Your instructions: Each line of the records below that holds "consists" should be returned.

Saved data entries:
(* Let $n \ge 3$ be odd and let $T$ be the $n$-vertex tree obtained from the star $K_{1,(n-1)/2}$ by subdividing each edge exactly once (by one new vertex). Then $$\chi_{2K_2}(T) = \left\lceil \sqrt{n - \tfrac34} + \tfrac12 \right\rceil.$$
   Context: All graphs are finite and simple. For a fixed bipartite graph $H$, a proper vertex coloring of a graph $G$ is called an $H$-avoiding coloring if for any two color classes, the subgraph of $G$ induced by their union contains no induced subgraph isomorphic to $H$. $\chi_H(G)$ denotes the minimum number of colors in an $H$-avoiding coloring of $G$. $2K_2$ is the disjoint union of two edges; $K_{1,m}$ is the star with $m$ leaves. *)

From Stdlib Require Import Reals.
From HB Require Import structures.
From mathcomp Require Import all_boot all_order all_algebra.
From mathcomp Require Import Rstruct.
Set Implicit Arguments. Unset Strict Implicit. Unset Printing Implicit Defensive.
Import Order.TTheory GRing.Theory Num.Theory.

Definition simple_graph (V : finType) (e : rel V) : Prop :=
  symmetric e /\ irreflexive e.

Definition proper_coloring (V : finType) (e : rel V) (k : nat) (c : V -> 'I_k) : Prop :=
  forall x y, e x y -> c x != c y.

Definition has_induced_copy (V U : finType) (e : rel V) (eH : rel U) (S : pred V) : Prop :=
  exists f : U -> V, [/\ injective f, (forall u, S (f u)) &
                         (forall u w, e (f u) (f w) = eH u w)].

Definition H_avoiding (V U : finType) (e : rel V) (eH : rel U) (k : nat) (c : V -> 'I_k) : Prop :=
  proper_coloring e c /\
  forall i j : 'I_k, i != j ->
    ~ has_induced_copy e eH (fun v => (c v == i) || (c v == j)).

Definition H_colorable (V U : finType) (e : rel V) (eH : rel U) (k : nat) : Prop :=
  exists c : V -> 'I_k, H_avoiding e eH c.

Definition is_chi_H (V U : finType) (e : rel V) (eH : rel U) (k : nat) : Prop :=
  H_colorable e eH k /\ forall k', H_colorable e eH k' -> k <= k'.

Definition twoK2 : rel 'I_4 := fun x y =>
  [|| (val x == 0) && (val y == 1), (val x == 1) && (val y == 0),
      (val x == 2) && (val y == 3) | (val x == 3) && (val y == 2)].

(* For odd n = 2m+1: star K_{1,m} with every edge subdivided once.
   Vertex 0 is the centre, vertices 1..m are the subdivision vertices,
   vertex i+m is the leaf attached to i (1 <= i <= m). *)
Definition subdivided_star (n : nat) : rel 'I_n := fun x y =>
  let m := n./2 in
  [|| (val x == 0) && (1 <= val y <= m), (val y == 0) && (1 <= val x <= m),
      (1 <= val x <= m) && (val y == val x + m)
    | (1 <= val y <= m) && (val x == val y + m)].
Arguments subdivided_star n : clear implicits.

From Stdlib Require Import Reals.
From HB Require Import structures.
From mathcomp Require Import all_boot all_order all_algebra.
From mathcomp Require Import reals Rstruct.
From mathcomp Require Import zify ring lra.
Import Order.TTheory GRing.Theory Num.Theory.
Set Implicit Arguments. Unset Strict Implicit. Unset Printing Implicit Defensive.

(* Write n = 2m + 1, so the subdivided star T has a centre 0, middle vertices
   1..m and leaves m+1..2m, the branch of index i being the path 0 - i - i+m.
   The proof has three parts.
   1. Any simple graph: an induced 2K_2 is a pair of edges with no edge and no
      vertex in common, so a 2K_2-avoiding colouring must give the t edges of
      an induced matching t distinct pairs of colours; hence t <= C(k,2).
   2. In T every induced 2K_2 consists of two pendant edges {i, i+m} of
      distinct branches. The m pendant edges form an induced matching, so
      chi_{2K_2}(T) needs m <= C(k,2); conversely if m <= C(k,2), colour the
      centre 0 and the branches with distinct pairs a < b (b on the middle
      vertex, a on the leaf): two colour classes then contain at most one
      branch. So chi_{2K_2}(T) is the least k with m <= C(k,2).
   3. Arithmetic: k >= sqrt(n - 3/4) + 1/2 iff (k - 1/2)^2 >= 2m + 1/4 iff
      m <= C(k,2), so that least k is the stated ceiling. *)

Section Induced2K2.
Variables (V : finType) (e : rel V).

Definition induced_2K2 (a b c d : V) : bool :=
  [&& e a b, e c d, ~~ e a c, ~~ e a d, ~~ e b c, ~~ e b d &
      [&& a != c, a != d, b != c & b != d]].

Hypothesis simple_e : simple_graph e.

Lemma has_induced_2K2P (S : pred V) :
  has_induced_copy e twoK2 S <->
  exists a b c d, induced_2K2 a b c d /\ [/\ S a, S b, S c & S d].
Proof.
have [e_sym e_irr] := simple_e.
split.
  case=> f [f_inj f_S f_e].
  have ne u w : u != w -> f u != f w by apply: contra => /eqP /f_inj ->.
  exists (f (@Ordinal 4 0 isT)), (f (@Ordinal 4 1 isT)), (f (@Ordinal 4 2 isT)),
    (f (@Ordinal 4 3 isT)); split; last by split.
  by rewrite /induced_2K2 !f_e !ne.
case=> a [b [c [d [/and5P[eab ecd nac nad /and3P[nbc nbd /and4P[ac ad bc bd]]]]]]].
case=> Sa Sb Sc Sd.
have ab : a != b by apply: contraTneq eab => ->; rewrite e_irr.
have cd : c != d by apply: contraTneq ecd => ->; rewrite e_irr.
have abcd_uniq : uniq [:: a; b; c; d] by rewrite /= !inE !negb_or ab ac ad bc bd cd.
pose f (u : 'I_4) := nth a [:: a; b; c; d] u.
exists f; split.
- move=> u w /eqP; rewrite (@nth_uniq _ a [:: a; b; c; d] u w (ltn_ord u) (ltn_ord w) abcd_uniq).
  by move/eqP/val_inj.
- by case=> [[|[|[|[|?]]]] ?].
- move=> [[|[|[|[|?]]]] ?] [[|[|[|[|?]]]] ?] //; rewrite /f /twoK2 /=.
  all: rewrite ?e_irr ?eab ?ecd ?(e_sym b a) ?eab ?(e_sym d c) ?ecd //.
  all: rewrite ?(negPf nac) ?(negPf nad) ?(negPf nbc) ?(negPf nbd) //.
  all: by rewrite e_sym ?(negPf nac) ?(negPf nad) ?(negPf nbc) ?(negPf nbd).
Qed.

(* The edges u_i v_i (i < t) of an induced matching receive, in a 2K_2-avoiding
   colouring, t distinct 2-sets of colours: t <= C(k,2). *)
Lemma induced_matching_bound (t k : nat) (u v : 'I_t -> V) (c : V -> 'I_k) :
  (forall i, e (u i) (v i)) ->
  (forall i j, i != j -> induced_2K2 (u i) (v i) (u j) (v j)) ->
  H_avoiding e twoK2 c -> t <= 'C(k, 2).
Proof.
move=> e_uv matching [proper_c avoid_c].
pose pair_of i := [set c (u i); c (v i)].
have distinct_colors i : c (u i) != c (v i) by apply: proper_c.
have pair_inj : injective pair_of.
  move=> i j eq_ij; apply/eqP; apply/negPn/negP => ne_ij.
  apply: (avoid_c _ _ (distinct_colors i)); apply/has_induced_2K2P.
  exists (u i), (v i), (u j), (v j); split; first exact: matching.
  have: c (u j) \in pair_of i by rewrite eq_ij !inE eqxx.
  have: c (v j) \in pair_of i by rewrite eq_ij !inE eqxx orbT.
  by rewrite !inE !eqxx orbT => -> ->.
have: pair_of @: setT \subset [set A : {set 'I_k} | #|A| == 2].
  by apply/subsetP => A /imsetP[i _ ->]; rewrite inE cards2 distinct_colors.
by move/subset_leq_card; rewrite card_imset // card_draws !card_ord cardsT card_ord.
Qed.

End Induced2K2.

Definition star_edge (m x y : nat) : bool :=
  [|| (x == 0) && (1 <= y <= m), (y == 0) && (1 <= x <= m),
      (1 <= x <= m) && (y == x + m) | (1 <= y <= m) && (x == y + m)].

Definition pendant (m i x y : nat) : bool :=
  ((x == i) && (y == i + m)) || ((x == i + m) && (y == i)).

Lemma subdivided_starE m (x y : 'I_(m + m).+1) :
  subdivided_star _ x y = star_edge m x y.
Proof. by rewrite /subdivided_star /star_edge (_ : (m + m).+1./2 = m) //; lia. Qed.

Lemma subdivided_star_simple m : simple_graph (subdivided_star (m + m).+1).
Proof. by split=> [x y|x]; rewrite !subdivided_starE /star_edge; lia. Qed.

(* An edge through the centre is adjacent to every other edge, so an induced
   2K_2 of the star consists of two pendant edges, of distinct branches. *)
Lemma star_2K2_pendant m x y z w :
  star_edge m x y -> star_edge m z w ->
  ~~ star_edge m x z -> ~~ star_edge m x w ->
  ~~ star_edge m y z -> ~~ star_edge m y w ->
  [&& x != z, x != w, y != z & y != w] ->
  exists i j, [/\ 1 <= i <= m, 1 <= j <= m, i != j, pendant m i x y & pendant m j z w].
Proof.
rewrite /pendant {1 2}/star_edge.
case/or4P => [/andP[/eqP ? ?] | /andP[/eqP ? ?] | /andP[? /eqP ?] | /andP[? /eqP ?]];
case/or4P => [/andP[/eqP ? ?] | /andP[/eqP ? ?] | /andP[? /eqP ?] | /andP[? /eqP ?]];
subst => n1 n2 n3 n4 /and4P[d1 d2 d3 d4].
all: first [ by case/negP: n1; rewrite /star_edge; lia
           | by case/negP: n2; rewrite /star_edge; lia
           | by case/negP: n3; rewrite /star_edge; lia
           | by case/negP: n4; rewrite /star_edge; lia | idtac ].
all: by first [exists x | exists y]; first [exists z | exists w]; split; lia.
Qed.

Fixpoint pairs k : seq (nat * nat) :=
  if k is k'.+1 then pairs k' ++ [seq (x, k') | x <- iota 0 k'] else [::].

Lemma size_pairs k : size (pairs k) = 'C(k, 2).
Proof. by elim: k => [|k IH] //=; rewrite size_cat IH size_map size_iota binS bin1. Qed.

Lemma mem_pairs k p : p \in pairs k -> p.1 < p.2 < k.
Proof.
case: p => p1 p2 /=; elim: k => [|k IH] //=.
by rewrite mem_cat => /orP[/IH|/mapP[x]]; [lia | rewrite mem_iota => ? [-> ->]; lia].
Qed.

Lemma uniq_pairs k : uniq (pairs k).
Proof.
elim: k => [|k IH] //=; rewrite cat_uniq IH map_inj_uniq ?iota_uniq; last by move=> x y [].
by rewrite andbT; apply/hasPn => p /mapP[x _ ->]; apply/negP => /mem_pairs /=; lia.
Qed.

Lemma nth_pairs k m v : m <= 'C(k, 2) -> 1 <= v <= m ->
  (nth (0, 0) (pairs k) v.-1).1 < (nth (0, 0) (pairs k) v.-1).2 < k.
Proof. by move=> hm hv; apply/mem_pairs/mem_nth; rewrite size_pairs; lia. Qed.

Lemma ordered_pair_eq (p q : nat * nat) (i j : nat) :
  p.1 < p.2 -> q.1 < q.2 ->
  all (fun x => (x == i) || (x == j)) [:: p.1; p.2; q.1; q.2] -> p = q.
Proof.
case: p q => [p1 p2] [q1 q2] /=; rewrite andbT => ? ? /and4P[? ? ? ?].
by apply/eqP; rewrite xpair_eqE; lia.
Qed.

Definition star_color (m : nat) (P : seq (nat * nat)) (v : nat) : nat :=
  if v == 0 then 0
  else if v <= m then (nth (0, 0) P v.-1).2 else (nth (0, 0) P (v - m).-1).1.

Lemma star_color0 m P : star_color m P 0 = 0.
Proof. by []. Qed.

Output of the task:
   2. In T every induced 2K_2 consists of two pendant edges {i, i+m} of
   2K_2 of the star consists of two pendant edges, of distinct branches. *)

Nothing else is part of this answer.